Forty-eight An. gambiae s.l. and two hundred An. funestus s.l. F₁ females were identified to species by PCR using the methods of Scott et al. [15] and Koekemoer et al. [16], respectively. Extraction of DNA was done for the An. funestus group, and a single leg was used directly as template for the An. gambiae complex. Individuals identified as An. arabiensis were screened for the presence of East- and West-knockdown resistance (kdr) alleles using the methods of Bass et al. [17].

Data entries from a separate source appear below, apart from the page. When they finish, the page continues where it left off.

Lemma rsum_seq_add (f : nat -> R) a p L :
  rsum f (seq (a + p) L) = rsum (fun i => f (i + p)%nat) (seq a L).
Proof.
  revert a; induction L; intros a; simpl; [reflexivity|].
  rewrite <- IHL; do 3 f_equal; lia.
Qed.

Lemma rsum_seq_shift_ge (f : nat -> R) a p L : (forall i, 0 <= f i <= 1) ->
  rsum f (seq (a + p) L) >= rsum f (seq a L) - INR p.
Proof.
  intros Hf.
  assert (E : rsum f (seq a (p + L)) = rsum f (seq a (L + p))) by (rewrite Nat.add_comm; reflexivity).
  rewrite !seq_app, !rsum_app in E.
  assert (rsum f (seq a p) <= INR p).
  { replace (INR p) with (rsum (fun _ => 1) (seq a p)) by (rewrite rsum_const, length_seq; ring).
    apply rsum_le; intros; apply Hf. }
  assert (0 <= rsum f (seq (a + L) p)) by (apply rsum_nonneg; intros; apply Hf).
  lra.
Qed.

Definition ind_lt (x b : R) : R := if Rlt_dec x b then 1 else 0.
Definition ind_Ico (a b x : R) : R := if Rle_dec a x then ind_lt x b else 0.

Lemma ind_lt_bounds x b : 0 <= ind_lt x b <= 1.
Proof. unfold ind_lt; destruct Rlt_dec; lra. Qed.

Lemma ind_Ico_bounds a b x : 0 <= ind_Ico a b x <= 1.
Proof. unfold ind_Ico; destruct Rle_dec; [apply ind_lt_bounds | lra]. Qed.

Lemma ind_Ico_sub a b x : a <= b -> ind_Ico a b x = ind_lt x b - ind_lt x a.
Proof. intros; unfold ind_Ico, ind_lt; destruct (Rle_dec a x), (Rlt_dec x b), (Rlt_dec x a); lra. Qed.

Lemma rsum_ind_Ico_grid tau x Rn : 0 < tau -> 0 <= x ->
  rsum (fun r => ind_Ico (INR r * tau) (INR (S r) * tau) x) (seq 0 Rn) = ind_lt x (INR Rn * tau).
Proof.
  intros Ht Hx; induction Rn.
  - unfold ind_lt; simpl; destruct Rlt_dec; lra.
  - rewrite seq_S, rsum_app, IHRn, Nat.add_0_l; cbn [rsum]; rewrite Rplus_0_r.
    unfold ind_Ico, ind_lt; rewrite !S_INR.
    repeat destruct Rlt_dec; destruct Rle_dec; nra.
Qed.

Lemma ind_lt_frac_sub y r tau : 0 < tau -> INR (S r) * tau <= 1 ->
  ind_lt (frac_part (y - INR r * tau)) tau
  = ind_Ico (INR r * tau) (INR (S r) * tau) (frac_part y).
Proof.
  intros Ht Hr; rewrite S_INR in *.
  pose proof (pos_INR r); pose proof (Int_part_bounds y) as By.
  unfold frac_part at 2, ind_Ico, ind_lt.
  destruct (Rle_dec (INR r * tau) (y - IZR (Int_part y))).
  - rewrite (frac_part_eq _ (Int_part y)) by nra.
    destruct (Rlt_dec (y - INR r * tau - IZR (Int_part y)) tau),
      (Rlt_dec (y - IZR (Int_part y)) ((INR r + 1) * tau)); nra.
  - rewrite (frac_part_eq _ (Int_part y - 1)) by (rewrite minus_IZR; simpl; nra).
    rewrite minus_IZR; simpl; destruct Rlt_dec; nra.
Qed.

Lemma rsum_ind_lt_frac_sub y Rn tau : 0 < tau -> INR Rn * tau <= 1 ->
  rsum (fun r => ind_lt (frac_part (y - INR r * tau)) tau) (seq 0 Rn)
  = ind_lt (frac_part y) (INR Rn * tau).
Proof.
  intros Ht HR; rewrite <- rsum_ind_Ico_grid by (auto; apply frac_part_bounds).
  apply rsum_ext; intros r Hr; apply in_seq in Hr; apply ind_lt_frac_sub; auto.
  apply Rle_trans with (INR Rn * tau); auto.
  apply Rmult_le_compat_r; [lra | apply le_INR; lia].
Qed.

Lemma rsum_ind_lt_frac_partition y m w : 0 < w -> INR m * w = 1 ->
  rsum (fun j => ind_lt (frac_part (y - INR j * w)) w) (seq 0 m) = 1.
Proof.
  intros Hw Hm; rewrite rsum_ind_lt_frac_sub, Hm by lra.
  unfold ind_lt; destruct Rlt_dec; auto; pose proof (frac_part_bounds y); lra.
Qed.

(* The m R windows [j w + (r + 1) sig, (j + 1) w + r sig) cover every point of the circle
   at least R - 1 times. *)
Lemma rsum_ind_Ico_frac_grid_ge y m w Rn sig :
  0 < sig <= w -> INR m * w = 1 -> INR Rn * sig <= w ->
  rsum (fun j => rsum (fun r => ind_Ico sig w (frac_part (y - INR j * w - INR r * sig)))
                      (seq 0 Rn)) (seq 0 m) >= INR Rn - 1.
Proof.
  intros Hs Hm HR.
  assert (Hw1 : w <= 1) by (destruct m; [simpl in Hm; lra | rewrite S_INR in Hm; pose proof (pos_INR m); nra]).
  rewrite (rsum_ext _ (fun j =>
      rsum (fun r => ind_lt (frac_part (y - INR r * sig - INR j * w)) w) (seq 0 Rn)
    - rsum (fun r => ind_lt (frac_part (y - INR j * w - INR r * sig)) sig) (seq 0 Rn))).
  2:{ intros j _; rewrite <- rsum_sub; apply rsum_ext; intros r _.
      rewrite ind_Ico_sub by lra.
      replace (y - INR r * sig - INR j * w) with (y - INR j * w - INR r * sig) by ring; reflexivity. }
  rewrite rsum_sub, rsum_swap.
  rewrite (rsum_ext _ (fun _ => 1)) by (intros r _; apply rsum_ind_lt_frac_partition; lra).
  rewrite rsum_const, length_seq.
  rewrite (rsum_ext _ (fun j => ind_lt (frac_part (y - INR j * w)) (INR Rn * sig)))
    by (intros j _; apply rsum_ind_lt_frac_sub; lra).
  enough (rsum (fun j => ind_lt (frac_part (y - INR j * w)) (INR Rn * sig)) (seq 0 m) <= 1) by lra.
  rewrite <- (rsum_ind_lt_frac_partition y m w) by lra.
  apply rsum_le; intros j _; unfold ind_lt; destruct Rlt_dec, Rlt_dec; lra.
Qed.

Lemma pigeonhole K (f : nat -> nat) :
  (forall i, (i <= K)%nat -> (f i < K)%nat) -> exists i j, (i < j <= K)%nat /\ f i = f j.
Proof.
  intros Hf; apply NNPP; intros Hno.
  assert (Hnd : NoDup (map f (seq 0 (S K)))).
  { apply NoDup_map_NoDup_ForallPairs; [|apply seq_NoDup].
    intros a b Ha Hb Eab; apply in_seq in Ha, Hb.
    destruct (Nat.lt_trichotomy a b) as [Hlt|[Heq|Hlt]]; auto; exfalso; apply Hno;
      [exists a, b | exists b, a]; split; auto; lia. }
  assert (Hincl : incl (map f (seq 0 (S K))) (seq 0 K)).
  { intros y Hy; apply in_map_iff in Hy as [i [<- Hi]]; apply in_seq in Hi; apply in_seq.
    specialize (Hf i); lia. }
  pose proof (NoDup_incl_length Hnd Hincl) as H; rewrite length_map, !length_seq in H; lia.
Qed.

Lemma dirichlet_approx beta K : (1 <= K)%nat ->
  (forall q : nat, (1 <= q)%nat -> forall P : Z, INR q * beta <> IZR P) ->
  exists (q : nat) (P : Z) (e : R), (1 <= q)%nat /\ 0 < Rabs e < 1 / INR K /\ INR q * beta = IZR P + e.
Proof.
  intros HK Hirr.
  assert (HKr : 1 <= INR K) by (apply (le_INR 1); lia).
  set (bin i := Int_part (INR K * frac_part (INR i * beta))).
  assert (Hbin : forall i, 0 <= IZR (bin i) /\ IZR (bin i) <= INR K * frac_part (INR i * beta) < IZR (bin i) + 1
                           /\ (bin i < Z.of_nat K)%Z).
  { intros i; pose proof (frac_part_bounds (INR i * beta)).
    pose proof (Int_part_bounds (INR K * frac_part (INR i * beta))) as B; fold (bin i) in B.
    assert (0 <= bin i)%Z by (apply Int_part_nonneg; nra).
    repeat split; try lra; [apply IZR_le; lia|].
    apply lt_IZR; rewrite <- INR_IZR_INZ; nra. }
  destruct (pigeonhole K (fun i => Z.to_nat (bin i))) as [i [j [Hij Eij]]].
  { intros i _; destruct (Hbin i) as [H0 [_ H1]]; apply le_IZR in H0; lia. }
  assert (Ebin : bin i = bin j) by (destruct (Hbin i) as [H0 _], (Hbin j) as [H1 _]; apply le_IZR in H0, H1; lia).
  set (e := frac_part (INR j * beta) - frac_part (INR i * beta)).
  exists (j - i)%nat, (Int_part (INR j * beta) - Int_part (INR i * beta))%Z, e.
  assert (Eq : INR (j - i) * beta = IZR (Int_part (INR j * beta) - Int_part (INR i * beta)) + e)
    by (rewrite minus_INR, minus_IZR by lia; unfold e, frac_part; ring).
  repeat split; auto; [lia | | ].
  - apply Rabs_pos_lt; intros He; apply (Hirr (j - i)%nat ltac:(lia) (Int_part (INR j * beta) - Int_part (INR i * beta))%Z).
    rewrite Eq, He; ring.
  - destruct (Hbin i) as [_ [Bi _]], (Hbin j) as [_ [Bj _]]; rewrite Ebin in Bi.
    assert (Hke : INR K * Rabs e < 1) by (unfold Rabs; destruct Rcase_abs; unfold e; nra).
    apply (Rmult_lt_reg_l (INR K)); [lra|]; replace (INR K * (1 / INR K)) with 1 by (field; lra); lra.
Qed.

‘Resistance’ to a given chemical or net was designated according to the current WHO criteria, based on the percent mortality observed 24 h after insecticide exposure: mosquito populations are classified as resistant if more than 2% of the exposed individuals survive [18]. Following the classifications proffered by Strode et al. [6], resistance to a given pyrethroid could be described as ‘low,’ if exposure led to mortality greater than 80%, ‘moderate’ if mortality was between 25 and 80%, and ‘high’ if less than 25% of females were killed by exposure.

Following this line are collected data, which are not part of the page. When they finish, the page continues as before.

Lemma first_nonneg_time t1 : 0 <= t1 -> {within `[0, t1], continuous W} ->
  W 0 < 0 -> 0 <= W t1 ->
  exists t0, [/\ 0 < t0 <= t1, 0 <= W t0 & forall s, 0 <= s < t0 -> W s < 0].
Proof.
move=> t1_ge0 W_cont W0 W_t1.
pose P := [set t | 0 <= t <= t1 /\ 0 <= W t].
have P_t1 : P t1 by split; rewrite ?t1_ge0 ?lexx.
have P_lb : lbound P 0 by move=> t [/andP[]].
have P_inf : has_inf P by split; [exists t1 | exists 0].
pose t0 := inf P.
have t0_ge0 : 0 <= t0 by apply: lb_le_inf; first exists t1.
have t0_le : t0 <= t1 by apply: ge_inf; first exists 0.
have W_before s : 0 <= s < t0 -> W s < 0.
  move=> /andP[s_ge0 s_lt]; rewrite ltNge; apply/negP => W_s.
  have : t0 <= s by apply: ge_inf; [exists 0 | rewrite /P /= s_ge0 (le_trans (ltW s_lt))].
  by rewrite leNgt s_lt.
have t0_in : `[0, t1]%classic t0 by rewrite /= in_itv /= t0_ge0.
have W_t0 : 0 <= W t0.
  rewrite leNgt; apply/negP => W_t0.
  have := (@subspace_continuousP _ `[0, t1] _ W).1 W_cont t0 t0_in.
  move=> /cvgr_lt /(_ 0 W_t0) /nbhs_ballP [e e_gt0 We].
  have [q [/andP[q_ge0 q_le] W_q] q_lt] := inf_adherent e_gt0 P_inf.
  have t0_q : t0 <= q by apply: ge_inf; [exists 0 | split; rewrite ?q_ge0].
  have : ball t0 e q by rewrite -ball_normE /= ler0_norm ?subr_le0 // opprB ltrBlDl.
  move=> /We /=; rewrite in_itv /= q_ge0 q_le => /(_ isT).
  by rewrite ltNge W_q.
exists t0; split=> //; rewrite t0_le andbT lt_neqAle t0_ge0 andbT.
by apply: contraTneq W_t0 => <-; rewrite -ltNge.
Qed.

Lemma lt0_preserved (W' : R -> R) T :
  {within `[0, T], continuous W} ->
  (forall t, 0 < t < T -> is_derive t 1 W (W' t)) ->
  (forall t, 0 < t < T -> W t < 0 -> W' t < 0) ->
  W 0 < 0 -> forall t, 0 <= t <= T -> W t < 0.
Proof.
move=> W_cont W_der W'_neg W0 t1 /andP[t1_ge0 t1_T]; rewrite ltNge; apply/negP => W_t1.
have W_cont_sub a : a <= T -> {within `[0, a], continuous W}.
  move=> a_T; apply: continuous_subspaceW W_cont => s /=.
  by rewrite !in_itv /= => /andP[-> /le_trans->].
have [t0 [/andP[t0_gt0 t0_t1] W_t0 W_before]] :=
  first_nonneg_time t1_ge0 (W_cont_sub _ t1_T) W0 W_t1.
have t0_T := le_trans t0_t1 t1_T.
have W_der_t0 s : s \in `]0, t0[ -> is_derive s 1 W (W' s).
  by rewrite in_itv /= => /andP[s_gt0 s_t0]; apply: W_der; rewrite s_gt0 (lt_le_trans s_t0).
have [c] := MVT t0_gt0 W_der_t0 (W_cont_sub _ t0_T).
rewrite in_itv /= => /andP[c_gt0 c_t0] W_incr.
have : W' c < 0.
  apply: W'_neg; first by rewrite c_gt0 (lt_le_trans c_t0).
  by apply: W_before; rewrite c_t0 ltW.
have : 0 < W t0 - W 0 by rewrite subr_gt0 (lt_le_trans W0).
by rewrite W_incr subr0 pmulr_lgt0 // => /lt_trans/[apply]; rewrite ltxx.
Qed.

Statistical analyses were performed in R v. 2.10.1 [19]. Mortality data were analysed as Generalized Linear Models using a binomial error distribution and logit link function; in cases of overdispersion, the quasibinomial error distribution was used. For tube bioassay analyses, insecticide exposure (control or chemical) was the only independent variable. For the 3-min cone bioassay analyses, net (control, Olyset, or PermaNet 2.0) was the only independent variable. When investigating the strength of resistance to net exposure, duration of exposure (Experiment 1: 3 min, 1, 2, 4, 6 h; experiment 2: 3 min, 2, 4, 6, 8 h) was included as an independent variable as well as net (control or PermaNet 2.0). Pieces from two different PermaNets were used and the results from the two experiments were pooled, so net replicate and experiment were also included in the model as random effects. Maximal models were fitted with random effects and interaction terms first, and then non-significant terms were removed by backward-elimination.